The Coach and Four was the kind of place neither Carella nor Hawes could afford on their detective 2nd/grade salaries of $33,070 a year. Designed and decorated by an American-born architect of Armenian extraction, it resembled what he thought an old English coaching inn must have looked like circa 1605, replete with hand-hewn timber posts and beams, leaded windows with handblown glass panes, wide-planked pegged floors (sagging here and there for authenticity), and a staff of buxom waitresses wearing dirndl skirts and scoop-necked peasant blouses that revealed rather more bosom than even Dorothy Hudd’s sweater had.
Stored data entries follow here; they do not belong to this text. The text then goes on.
Definition deg (v : T) : nat := #|[set w | e v w]|.
Definition codeg (u w : T) : nat := #|[set x | e u x && e w x]|.

Definition is_c4 (t : T * T * T * T) : bool :=
  let: (a, b, c, d) := t in
  [&& uniq [:: a; b; c; d], e a b, e b c, e c d & e d a].

Definition c4_edges (t : T * T * T * T) : {set {set T}} :=
  let: (a, b, c, d) := t in
  [set edge2 a b; edge2 b c; edge2 c d; edge2 d a].

(* The copies of C4 in the graph, each copy identified with its edge set
   (a subgraph isomorphic to C4 has no isolated vertices, so it is
   determined by its edges). *)
Definition C4_copies : {set {set {set T}}} :=
  [set c4_edges t | t in [set t | is_c4 t]].

Definition C4_through (u v : T) : nat :=
  #|[set C in C4_copies | edge2 u v \in C]|.

End Graphs.

(* Reals comes first so that [^] on nat denotes ssrnat's [expn]. *)
From Stdlib Require Import Reals Lra.
From mathcomp Require Import all_boot.
Set Implicit Arguments. Unset Strict Implicit. Unset Printing Implicit Defensive.

(* Call a 4-cycle a-b-c-d (a tuple on four distinct vertices) balanced when
   its diagonal through the first vertex has the larger codegree,
   codeg(b,d) <= codeg(a,c).  Every copy of C4 can be traversed from a
   vertex of its "heavier" diagonal in four different balanced ways, so
   there are at least 4q balanced tuples.  Sorting them by the starting
   vertex v and the dyadic level k of the codegree of the diagonal through v
   gives at most n (log2 n + 1) <= 4 n ln n classes, so by pigeonhole one
   class, the
   "layer" D = {(x,y,z) : v-x-y-z balanced, codeg(v,y) in [2^k, 2^(k+1))},
   has size at least q / (n ln n).  With s = 2^(k+1), D is symmetric under
   x <-> z (flipping the cycle keeps it balanced), both diagonals of its
   cycles have codegree at most s, and for a fixed x every y of the fan of x
   in D has at least 2^(k-1) closing vertices z, each giving a distinct
   4-cycle through the edge vx; the hypothesis on C4-counts per edge then
   bounds the fan. *)

Lemma card_fibres (X Y : finType) (A : {set X}) (B : {set Y}) (f : X -> Y) :
  {in A, forall x, f x \in B} ->
  #|A| = \sum_(y in B) #|[set x in A | f x == y]|.
Proof.
move=> fAB; rewrite -sum1_card (partition_big f (mem B)) //=.
by apply: eq_bigr => y _; rewrite -sum1_card; apply: eq_bigl => x; rewrite !inE.
Qed.

Lemma pigeonhole_fibre (X Y : finType) (A : {set X}) (f : X -> Y) (y0 : Y) :
  exists y, #|A| <= #|Y| * #|[set x in A | f x == y]|.
Proof.
have [y _ y_max] := @arg_maxnP Y y0 xpredT (fun y => #|[set x in A | f x == y]|) isT.
exists y; rewrite (@card_fibres _ _ A setT f) => [|x _]; last exact: in_setT.
rewrite -cardsT -sum_nat_const; apply: leq_sum => y' _; exact: y_max.
Qed.

Section FourCycles.
Variables (T : finType) (e : rel T).
Hypothesis e_sym : symmetric e.
Hypothesis e_irr : irreflexive e.

Lemma edge2C (a b : T) : edge2 a b = edge2 b a.
Proof. by rewrite /edge2 setUC. Qed.

Lemma edge2E (a b c d : T) :
  (edge2 a b == edge2 c d) = ((a == c) && (b == d)) || ((a == d) && (b == c)).
Proof.
apply/eqP/idP => [/setP eq_ab_cd | /orP[] /andP[/eqP-> /eqP->] //]; last exact: edge2C.
move: (eq_ab_cd a) (eq_ab_cd b) (eq_ab_cd c) (eq_ab_cd d).
rewrite /edge2 !inE !eqxx /= ?orbT.
by move=> /esym/orP[] /eqP ? /esym/orP[] /eqP ? /orP[] /eqP ? /orP[] /eqP ?;
  subst; rewrite ?eqxx ?orbT.
Qed.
Hawes was beginning to think this was his lucky day.
Carella asked the hostess — a willowy brunette wearing a long black gown and high heels that seemed decidedly anachronistic in this otherwise seventeenth-century English ambiance — where Mr. Benson might be sitting, and then took out a card, scribbled a note on the back of it, and asked the hostess if she would mind delivering it to his table. He watched as she crossed the room to a corner table where two men — one of them blond, the other bald — were engaged in animated conversation, no doubt discussing their latest brilliant advertising scheme. She handed the card to the blond. He looked at the front of it, printed with a Police Department seal and Carella’s name, rank, and telephone number at the Eight-Seven, and then turned the card over and read the note Carella had scrawled across the back of it. He asked the hostess something, and she pointed toward where Carella and Hawes were still standing near the reception desk, which resembled what the Armenian architect thought Dr. Johnson’s writing desk and inkstand looked like over there in Gough Square in Merrie Olde England. Benson rose immediately, excused himself to the bald man sitting at the table, and then strode across the room to where they were waiting.
“Mr. Benson?” Carella asked.
“What is this?” Benson said. “I’m in the middle of lunch.”
He was, Carella guessed, some six feet two inches tall, easily as tall as Hawes, with the same broad shoulders and barrel chest, eyes the color of slate, hair as golden as wheat. He was wearing a suit Carella was willing to bet was tailor-made, the tie a Countess Mara, the shirt monogrammed over the left breast, the initials MJB peeping out from behind the hand-stitched lapel of the suit jacket. French cuffs showed below the jacket sleeves, where they were fastened with small, gold, diamond-studded links. A pinky ring on his left hand flashed a diamond rather larger than those on the cufflinks. Carella guessed that Heads of Creation were pulling down quite a bit of bread with their Daffy Dots campaigns.